N = 2 # Number of sites in the unit cell
initstate(n) = isodd(n) ? "↑" : "↓"
s = infsiteinds("S=1/2", N; conserve_qns, initstate)
println("s ",s)
ψ = InfMPS(s, initstate)

#########################################################
function unit_cell_terms(::Model"mymodel")
  opsum = OpSum()
  opsum += 0.5, "S+", 1, "S-", 2
  opsum += 0.5, "S-", 1, "S+", 2
  opsum += "Sz", 1, "Sz", 2
  return opsum
end
#########################################################
model = Model("mymodel")													
H = InfiniteSum{MPO}(model, s)	

I’m wondering how you did it differently that made it work.
Thank you for your time.
-Meng

Hi Meng,

I meant I put unit_cell_terms directly into the ITensorInfiniteMPS.jl file; it seems like it has to be defined before ITensorInfiniteMPS is precompiled.

2 Likes

Hi Vladimir,

Following your hint, I added mymodel.jl in the same directory as the other models and added the line

include("models/mymodel.jl")

in the ITensorInfiniteMPS.jl file in my directory “.julia/packages/ITensorInfiniteMPS/Ogcvb/src/” and now it works!!!

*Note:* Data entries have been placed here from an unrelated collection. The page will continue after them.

Lemma invr_subr1_le (R : realFieldType) (x : R) : 2 <= x -> (x - 1)^-1 <= 2 * x^-1.
Proof.
move=> x_ge2; rewrite -[2]invrK -invfM lef_pV2 ?posrE; lra.
Qed.

Lemma sum_inv_card_pblock (R : realFieldType) (V : finType) (Pi : {set {set V}}) :
  partition Pi [set: V] -> \sum_(v : V) (#|pblock Pi v|%:R : R)^-1 = #|Pi|%:R.
Proof.
move=> partPi; have tPi := partition_trivIset partPi.
rewrite (eq_bigl (mem (cover Pi))) => [|v]; last by rewrite (cover_partition partPi) !inE.
rewrite big_trivIset // -sumr_const; apply: eq_bigr => X XPi.
rewrite (eq_bigr (fun=> (#|X|%:R)^-1)) => [|v vX]; last by rewrite (def_pblock tPi XPi vX).
rewrite sumr_const -[LHS]mulr_natr mulVf // pnatr_eq0 cards_eq0.
exact: partition_neq0 partPi XPi.
Qed.

Lemma scaled_avg_card_block_le (R : realFieldType) (V : finType) (Pi : {set {set V}})
    (n r : nat) (v : V) (N : {set V}) (Kv Km : R) :
  partition Pi [set: V] -> (0 < n)%N -> (1 < r)%N -> (1 < #|pblock Pi v|)%N ->
  (0 < #|N|)%N -> 0 <= Kv <= Km ->
  Kv / (#|N| * (n * r * r.-1))%N%:R *
    avg (restricted_partitions Pi r) (fun P => #|(pblock P v :\ v) :&: N|%:R)
  <= 2 * Km / (r * n)%N%:R * (#|pblock Pi v|%:R)^-1.
Proof.
move=> partPi n_gt0 r_gt1 X_gt1 N_gt0 /andP[Kv_ge0 Kv_le].
set x : R := #|pblock Pi v|%:R.
have x_ge2 : 2 <= x by rewrite -[2]/(2%:R) ler_nat.
apply: le_trans (ler_wpM2l _ (avg_card_block_le r N partPi X_gt1)) _.
  by rewrite divr_ge0.
have -> : #|pblock Pi v|.-1%:R = x - 1 by rewrite -subn1 natrB 1?ltnW.
have -> : Kv / (#|N| * (n * r * r.-1))%N%:R * (#|N|%:R * r.-1%:R / (x - 1)) =
          Kv / (r * n)%N%:R * (x - 1)^-1.
  rewrite !natrM; field; rewrite -?natrM !pnatr_eq0 -!lt0n n_gt0 N_gt0 /=.
  by apply/and3P; split; [lra|lia|lia].
have -> : 2 * Km / (r * n)%N%:R * x^-1 = Km / (r * n)%N%:R * (2 * x^-1).
  by rewrite mulrCA !mulrA.
have rn_inv_ge0 : 0 <= (r * n)%N%:R^-1 :> R by rewrite invr_ge0.
by rewrite ler_pM ?divr_ge0 ?ler_wpM2r ?invr_subr1_le ?invr_ge0 //; lra.
Qed.

Theorem mainTheorem16 (R : realFieldType) (V : finType) (n p q : nat)
  (e : rel V) (f : V -> {set V} -> R) (K : V -> R) (Pi : {set {set V}}) :
  (0 < n)%N -> (0 < p)%N -> (0 < q)%N ->
  #|V| = ((p + q) * n)%N ->
  symmetric e -> irreflexive e ->
  (forall v : V, exists u : V, e v u) ->
  (forall v : V, f v set0 = 0) ->
  (forall v : V, 0 < K v) ->
  (forall v : V, lipschitz e (f v) (K v) v) ->
  partition Pi [set: V] ->
  (forall X : {set V}, X \in Pi -> (p + q %| #|X|)%N) ->
  avg (restricted_partitions Pi (p + q))
      (fun P => `|cond_exp_xi e f p q n P|)
  <= 2 * \big[Num.max/0]_(v : V) K v * #|Pi|%:R / ((p + q) * n)%N%:R.
Proof.
move=> n_gt0 p_gt0 q_gt0 _ _ irr has_nbr _ K_gt0 lip partPi dvd_Pi.
have K_ge0 v : 0 <= K v := ltW (K_gt0 v).
have nbhd_gt0 v : (0 < #|nbhd e v|)%N.
  by have [u evu] := has_nbr v; apply/card_gt0P; exists u; rewrite inE.
have pblock_gt1 v : (1 < #|pblock Pi v|)%N.
  have vPi : v \in cover Pi by rewrite (cover_partition partPi) inE.
  have : (0 < #|pblock Pi v|)%N by apply/card_gt0P; exists v; rewrite mem_pblock.
  by move/dvdn_leq/(_ (dvd_Pi _ (pblock_mem vPi))); lia.
apply: le_trans.
  apply: ler_avg => P /restricted_partitionsP[partP cardP _].
  exact: norm_cond_exp_xi_le.
rewrite avg_lincomb mulrAC -(sum_inv_card_pblock _ _ _ partPi) mulr_sumr.
apply: ler_sum => v _; apply: scaled_avg_card_block_le; rewrite ?K_ge0 ?le_bigmax //.
lia.
Qed.
Hypothesis heps_mul : forall u v, u \is a GRing.unit -> v \is a GRing.unit ->
  heps u * heps v = heps (u * v)%R.
Hypothesis eps_add : forall a b, e a * e 0 * e b = heps (-1) * e (a + b).
Hypothesis heps_conj : forall u a, u \is a GRing.unit ->
  heps u * e a * heps u = e (u ^+ 2 * a)%R.
Hypothesis gen_ind : forall P : G -> Prop, P 1 -> (forall a, P (e a)) ->
  (forall g h, P g -> P h -> P (g * h)) -> (forall g, P g -> P g^-1) -> forall g, P g.

Local Notation z := (heps (-1)).

Lemma hepsE u : heps u = e (- u) * e (- u^-1)%R * e (- u).
Proof. by rewrite unlock. Qed.

Lemma heps1 : heps 1 = 1.
Proof. by apply: (@mulgI _ (heps 1)); rewrite heps_mul ?unitr1 // mulr1 mulg1. Qed.

Lemma heps_m1_sq : z * z = 1.
Proof. by rewrite heps_mul ?unitrN1 // mulrNN mulr1 heps1. Qed.

Lemma central_heps_m1 : central z.
Proof.
apply: gen_ind => [|a|g h|g]; [exact: commute1 | | exact: commuteM | exact: commuteV].
have := heps_conj a (unitrN1 A); rewrite sqrrN expr1n mul1r => zez.
by rewrite /commute -{2}zez -mulgA heps_m1_sq mulg1.
Qed.

Lemma eps0_sq : e 0 * e 0 = z.
Proof. by apply: (@mulIg _ (e 0)); rewrite eps_add addr0. Qed.

Lemma eps0V : (e 0)^-1 = z * e 0.
Proof. by apply: mulg1_eq; rewrite central_heps_m1 mulgA eps0_sq heps_m1_sq. Qed.

Lemma eps0VV : (e 0)^-1 * (e 0)^-1 = z.
Proof. by rewrite -invgM eps0_sq; apply: mulg1_eq heps_m1_sq. Qed.

Lemma eps_addV a b : e a / e 0 * e b = e (a + b).
Proof.
rewrite eps0V mulgA -(central_heps_m1 (e a)) -!mulgA (mulgA (e a)) eps_add.
by rewrite mulgA heps_m1_sq mul1g.
Qed.

Lemma eps0_conj t : e 0 * e (- t) * e 0 = (e t)^-1.
Proof.
apply: (@mulgI _ (e t)); rewrite mulgV !mulgA eps_add subrr.
by rewrite -mulgA eps0_sq heps_m1_sq.
Qed.
(* Colour the points with m = 2p colours and L = log k + 1 rounds. For a colour
   c, run L rounds of a shrinking process on the family: in round j the layer
   W_j consists of the points of colour c and round j, each live set A is
   replaced by its fragment (the first live set inside W_j ∪ A, minus W_j), and
   A dies if its fragment has more than k / 2^(j+1) points. A set surviving all
   rounds has an empty fragment, so some S_i lies inside colour c.
   A pair (colouring, i) whose set dies in round j with a fragment F of size t
   is determined by the colouring with F painted into W_j, the set F (a subset
   of the first fragment of round j of that colouring, which has at most
   k / 2^j < 2t points), the old colours on F, and i, one of at most r^(k-t)
   indices with F ⊆ S_i by spreadness. Hence there are at most
   #colourings * (4mL)^t r^(k-t) such pairs, and for r >= 16 mL at most
   #colourings * r^k / 2 pairs in total. A colour fails when all ell > r^k sets
   die, so it fails in fewer than half of the colourings, and some colouring has
   at least p of its 2p colours succeeding: their sets are pairwise disjoint. *)

Lemma head_filter_subpred (T : eqType) (d : T) (P P' : pred T) s :
  subpred P' P -> P' (head d (filter P s)) -> P' d ->
  head d (filter P' s) = head d (filter P s).
Proof.
move=> sP'P; elim: s => [|a s IHs] //=.
case Pa: (P a) => /=; first by move=> ->.
case P'a: (P' a) => /=; first by move: (sP'P _ P'a); rewrite Pa.
by move=> P'h P'd; rewrite IHs.
Qed.

Lemma card_set_pairE (A B : finType) (P : pred (A * B)) :
  #|[set v | P v]| = \sum_(a : A) #|[set b | P (a, b)]|.
Proof.
rewrite -sum1dep_card (eq_bigl (fun v => xpredT v.1 && P (v.1, v.2))); last by case.
rewrite -(pair_big_dep xpredT (fun a b => P (a, b)) (fun _ _ => 1)).
by apply: eq_bigr => a _; rewrite sum1dep_card.
Qed.

Section FragmentProcess.
Variables (n ell : nat) (S : 'I_ell -> {set 'I_n}) (k : nat).

(* [G i = None] means that the set of index [i] has died. *)
Definition live_family := 'I_ell -> option {set 'I_n}.

(* In index order; [set0] if no live set is contained in [X]. *)
Definition first_live (G : live_family) (X : {set 'I_n}) : {set 'I_n} :=
  head set0 [seq A : {set 'I_n} <- pmap G (enum 'I_ell) | A \subset X].

Definition fragment (G : live_family) W A := first_live G (W :|: A) :\: W.

Definition shrink_round (s : nat) (W : {set 'I_n}) (G : live_family) : live_family :=
  fun i => if G i is Some A then
     (if #|fragment G W A| <= s then Some (fragment G W A) else None) else None.

(* Round [j] uses the layer [W j] and keeps fragments of size at most [k / 2^(j+1)]. *)
Fixpoint fragment_process (W : nat -> {set 'I_n}) (j : nat) : live_family :=
  if j is j'.+1 then shrink_round (k %/ 2 ^ j) (W j') (fragment_process W j')
  else fun i => Some (S i).

Lemma first_live_sub G (X : {set 'I_n}) : first_live G X \subset X.
Proof.
rewrite /first_live; have := filter_all (fun A : {set 'I_n} => A \subset X) (pmap G (enum 'I_ell)).
by case: (filter _ _) => [|a s] /=; [rewrite sub0set | case/andP].
Qed.

Lemma eq_first_live G G' (X : {set 'I_n}) : G =1 G' -> first_live G X = first_live G' X.
Proof. by move=> eqG; rewrite /first_live (eq_pmap eqG). Qed.

Lemma first_live_shrink G (X X' : {set 'I_n}) : X' \subset X -> first_live G X \subset X' ->
  first_live G X' = first_live G X.
Proof.
move=> sX'X sFX'; apply: head_filter_subpred => //; last by rewrite sub0set.
by move=> A /= sAX'; apply: subset_trans sAX' sX'X.
Qed.

Lemma first_live_cases G (X : {set 'I_n}) :
  first_live G X = set0 \/ exists i, G i = Some (first_live G X).
Proof.
rewrite /first_live.
case E: (filter _ _) => [|a s] /=; [by left | right].
have : a \in [seq A : {set 'I_n} <- pmap G (enum 'I_ell) | A \subset X] by rewrite E mem_head.
by rewrite mem_filter mem_pmap => /andP [_ /mapP [i _ Gi]]; exists i.
Qed.

Lemma first_live_witness (G : live_family) (X : {set 'I_n}) i (A : {set 'I_n}) :
  G i = Some A -> A \subset X -> exists i', G i' = Some (first_live G X).
Proof.
move=> Gi sAX.
have : A \in [seq A : {set 'I_n} <- pmap G (enum 'I_ell) | A \subset X].
  by rewrite mem_filter sAX mem_pmap; apply/mapP; exists i; rewrite ?mem_enum.
rewrite /first_live; case E: (filter _ _) => [|a s] //= _.
have : a \in [seq A : {set 'I_n} <- pmap G (enum 'I_ell) | A \subset X] by rewrite E mem_head.
by rewrite mem_filter mem_pmap => /andP [_ /mapP [i' _ Gi']]; exists i'.
Qed.

Lemma fragment_sub G (W A : {set 'I_n}) : fragment G W A \subset A.
Proof.
apply/subsetP => x; rewrite /fragment inE => /andP [xW xF].
by have := subsetP (first_live_sub G (W :|: A)) x xF; rewrite inE (negbTE xW).
Qed.

Lemma eq_shrink_round s W G G' : G =1 G' -> shrink_round s W G =1 shrink_round s W G'.
Proof.
move=> eqG i; rewrite /shrink_round eqG.
by case: (G' i) => // A; rewrite /fragment (eq_first_live _ eqG).
Qed.

Lemma eq_fragment_process W W' j : (forall j', j' < j -> W j' = W' j') ->
  fragment_process W j =1 fragment_process W' j.
Proof.
elim: j => [|j IHj] eqW //=.
by rewrite eqW //; apply/eq_shrink_round/IHj => j' lt_j'j; apply: eqW; lia.
Qed.

Hypothesis card_S : forall i, #|S i| = k.

Lemma fragment_process_live W j i A : fragment_process W j i = Some A ->
  [/\ A \subset S i, #|A| <= k %/ 2 ^ j & forall j', j' < j -> [disjoint A & W j']].
Proof.
elim: j i A => [|j IHj] i A /=.
  by case=> <-; rewrite expn0 divn1 card_S; split.
rewrite /shrink_round; case E: (fragment_process W j i) => [B|] //.
case: ifP => // small [<-].
have [sBS _ disjB] := IHj _ _ E.
have sFB := fragment_sub (fragment_process W j) (W j) B.
split => //; first exact: subset_trans sFB sBS.
move=> j' lt_j'Sj; case: (ltngtP j' j) => [lt_j'j | lt_jj' | ->].
- exact: disjointWl sFB (disjB _ lt_j'j).
- lia.
- by rewrite /fragment disjoints_subset; apply/subsetP => x; rewrite !inE => /andP [].
Qed.

Lemma fragment_process_cover W j i A : fragment_process W j i = Some A ->
  exists i', forall x, x \in S i' -> x \in A \/ exists2 j', j' < j & x \in W j'.
Proof.
elim: j i A => [|j IHj] i A /=.
  by case=> <-; exists i => x; left.
rewrite /shrink_round; case E: (fragment_process W j i) => [B|] //.
case: ifP => // _ [<-].
have [i2 Ei2] := first_live_witness (X := W j :|: B) E (subsetUr _ _).
have [i' coverS] := IHj _ _ Ei2.
exists i' => x /coverS [xF | [j' lt_j'j xW]].
  by case xW: (x \in W j); [right; exists j | left; rewrite /fragment inE xW].
by right; exists j' => //; lia.
Qed.

End FragmentProcess.

Section Colourings.
Variables (n ell : nat) (S : 'I_ell -> {set 'I_n}) (k : nat).
Hypothesis card_S : forall i, #|S i| = k.
Variables (m L : nat) (c : 'I_m).

Notation col := ('I_m * 'I_L)%type.
Notation colg := {ffun 'I_n -> col}.

Definition layer (chi : colg) (j : nat) : {set 'I_n} :=
  [set x | ((chi x).1 == c) && ((chi x).2 == j :> nat)].
Definition process chi j := fragment_process S k (layer chi) j.
Definition frag j chi i :=
  if process chi j i is Some A then fragment (process chi j) (layer chi j) A else set0.
Definition dies_with j t chi i := (process chi j i != None) && (#|frag j chi i| == t).
Definition round_first j chi := first_live (process chi j) (layer chi j).
Definition size_cap j := k %/ 2 ^ j.
Definition cover_count (D : {set 'I_n}) := #|[set i | D \subset S i]|.
Definition max_cover t := \max_(D : {set 'I_n} | (#|D| == t) && (D != set0)) cover_count D.

Lemma card_round_first j chi : #|round_first j chi| <= size_cap j.
Proof.
rewrite /round_first; case: (first_live_cases (process chi j) (layer chi j)) => [->|[i Ei]].
  by rewrite cards0.
by have [] := fragment_process_live card_S Ei.
Qed.

Section Round.
Variable j : 'I_L.
Let c0 : col := (c, j).

(* A pair [(chi, i)] dying in round [j] is encoded by painting its fragment with
   colour [(c, j)] and storing the old colours of the fragment separately. The
   painted fragment joins the layer of round [j] without changing the earlier
   rounds, so it becomes a subset of the first fragment of round [j]. *)
Definition recolor chi i : colg := [ffun x => if x \in frag j chi i then c0 else chi x].
Definition restrict chi i : colg := [ffun x => if x \in frag j chi i then chi x else c0].
Definition encode (u : colg * 'I_ell) : colg * ({set 'I_n} * (colg * 'I_ell)) :=
  (recolor u.1 u.2, (frag j u.1 u.2, (restrict u.1 u.2, u.2))).

Lemma encode_inj : injective encode.
Proof.
move=> [chi i] [chi' i'] [/ffunP eq_rec eq_frag /ffunP eq_res /= eq_i].
subst i'; congr (_, _); apply/ffunP => x.
have := eq_rec x; have := eq_res x; rewrite !ffunE /= -eq_frag.
by case: (x \in frag j chi i) => [-> | _ ->].
Qed.

Section Recolor.
Variables (chi : colg) (i : 'I_ell) (A : {set 'I_n}).
Hypothesis live_i : process chi j i = Some A.

Lemma frag_live : frag j chi i = fragment (process chi j) (layer chi j) A.
Proof. by rewrite /frag live_i. Qed.

Lemma frag_sub_live : frag j chi i \subset A.
Proof. by rewrite frag_live fragment_sub. Qed.

Lemma layer_recolor_lt j' : j' < j -> layer (recolor chi i) j' = layer chi j'.
Proof.
move=> lt_j'j; have [_ _ disjA] := fragment_process_live card_S live_i.
apply/setP => x; rewrite /layer !inE ffunE; case: ifP => // xF.
have xA : x \in A := subsetP frag_sub_live x xF.
move: (disjointFr (disjA j' lt_j'j) xA); rewrite inE => ->.
by rewrite /c0 /= eqxx /=; apply/negbTE/eqP => eq_j; lia.
Qed.

Lemma process_recolor : process (recolor chi i) j =1 process chi j.
Proof. exact: eq_fragment_process layer_recolor_lt. Qed.

Lemma layer_recolor : layer (recolor chi i) j = layer chi j :|: frag j chi i.
Proof.
apply/setP => x; rewrite in_setU /layer !inE ffunE.
by case: (x \in frag j chi i); rewrite /= ?eqxx ?orbT ?orbF.
Qed.

Lemma round_first_recolor :
  round_first j (recolor chi i) = first_live (process chi j) (layer chi j :|: A).
Proof.
rewrite /round_first layer_recolor (eq_first_live _ process_recolor).
apply: first_live_shrink; first by rewrite setUS ?frag_sub_live.
by apply/subsetP => x xF; rewrite in_setU frag_live /fragment in_setD xF andbT orbN.
Qed.

End Recolor.

Definition encode_range t := [set v : colg * ({set 'I_n} * (colg * 'I_ell)) |
  [&& v.2.1 \subset round_first j v.1, #|v.2.1| == t,
      v.2.2.1 \in pffun_on c0 v.2.1 (setT : {set col}) & v.2.1 \subset S v.2.2.2]].

Lemma encode_dies_with chi i t : dies_with j t chi i -> encode (chi, i) \in encode_range t.
Proof.
rewrite /dies_with; case E: (process chi j i) => [A|] //= card_t.
have [sAS _ _] := fragment_process_live card_S E.
have sFS : frag j chi i \subset S i := subset_trans (frag_sub_live E) sAS.
have sFT : frag j chi i \subset round_first j (recolor chi i).
  by rewrite (round_first_recolor E) (frag_live E) subsetDl.
have on_F : restrict chi i \in pffun_on c0 (frag j chi i) (setT : {set col}).
  apply/pffun_onP; split=> [|y _]; last by rewrite inE.
  by apply/subsetP => x; rewrite inE ffunE; case: ifP; rewrite ?eqxx.
by rewrite inE /= sFT card_t on_F sFS.
Qed.

Lemma card_encode_range t : 0 < t ->
  #|encode_range t| <= #|colg| * (2 ^ size_cap j * (#|{: col}| ^ t * max_cover t)).
Proof.
move=> t_gt0; rewrite card_set_pairE -sum_nat_const; apply: leq_sum => chi _.
rewrite card_set_pairE.
apply: (@leq_trans (\sum_(D : {set 'I_n}) if D \in powerset (round_first j chi)
   then #|{: col}| ^ t * max_cover t else 0)); last first.
  rewrite -big_mkcond sum_nat_const card_powerset leq_mul2r.
  by rewrite leq_exp2l ?card_round_first ?orbT.
apply: leq_sum => D _; rewrite card_set_pairE.
have [DT | nDT] := boolP (D \in powerset (round_first j chi)); last first.
  rewrite big1 // => g _; apply/eqP; rewrite cards_eq0; apply/eqP/setP => i.
  by rewrite !inE /=; move: nDT; rewrite inE => /negbTE ->.
have [card_D | ncard_D] := eqVneq #|D| t; last first.
  rewrite big1 // => g _; apply/eqP; rewrite cards_eq0; apply/eqP/setP => i.
  by rewrite !inE /= andbF.
rewrite -cardsT -card_D -(card_pffun_on c0 D (setT : {set col})) -sum_nat_const.
rewrite [X in _ <= X]big_mkcond /=; apply: leq_sum => g _.
case: ifP => g_on; last first.
  by rewrite leqn0 cards_eq0; apply/eqP/setP => i; rewrite !inE /= ?g_on ?andbF.
apply: (@leq_trans (cover_count D)).
  by apply/subset_leq_card/subsetP => i; rewrite !inE /= => /andP [].
apply: (leq_bigmax_cond (P := fun D' : {set 'I_n} => (#|D'| == #|D|) && (D' != set0))).
by rewrite eqxx -card_gt0 card_D.
Qed.

Lemma sum_card_dies_with t : 0 < t ->
  \sum_(chi : colg) #|[set i | dies_with j t chi i]| <=
    #|colg| * (2 ^ size_cap j * (#|{: col}| ^ t * max_cover t)).
Proof.
move=> t_gt0; rewrite -(card_set_pairE (fun u => dies_with j t u.1 u.2)).
rewrite -(card_imset _ encode_inj); apply: leq_trans (card_encode_range t_gt0).
by apply/subset_leq_card/subsetP => v /imsetP [[chi i]]; rewrite inE => /encode_dies_with ? ->.
Qed.

End Round.

Definition dead_by J chi := #|[set i | process chi J i == None]|.
Definition dies_at j chi := #|[set i | (process chi j i != None) && (process chi j.+1 i == None)]|.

Thank you so much for your help, I’ve been stuck on this for more than a week.

Best,
-Meng

1 Like

You shouldn’t need to add the file for your model to the package directly, instead you can overload the function unit_cell_terms as follows, which can be defined anywhere:

function ITensorInfiniteMPS.unit_cell_terms(::Model"mymodel")
  opsum = OpSum()
  opsum += 0.5, "S+", 1, "S-", 2
  opsum += 0.5, "S-", 1, "S+", 2
  opsum += "Sz", 1, "Sz", 2
  return opsum
end

or alternatively you can import the function with import ITensorInfiniteMPS: unit_cell_terms before defining your own overload. This extends the unit_cell_terms for your own Model type.

3 Likes

Thanks Matt, this is a much easier solution.

I’m not sure if it is implemented right now, but ideally a user could just pass the OpSum directly:

function mymodel_opsum()
  opsum = OpSum()
  opsum += 0.5, "S+", 1, "S-", 2
  opsum += 0.5, "S-", 1, "S+", 2
  opsum += "Sz", 1, "Sz", 2
  return opsum
end
H = InfiniteSum{MPO}(mymodel_opsum(), s)	

The Model type may be superfluous at this point since I made some simplifications to the InfiniteSum and related constructors.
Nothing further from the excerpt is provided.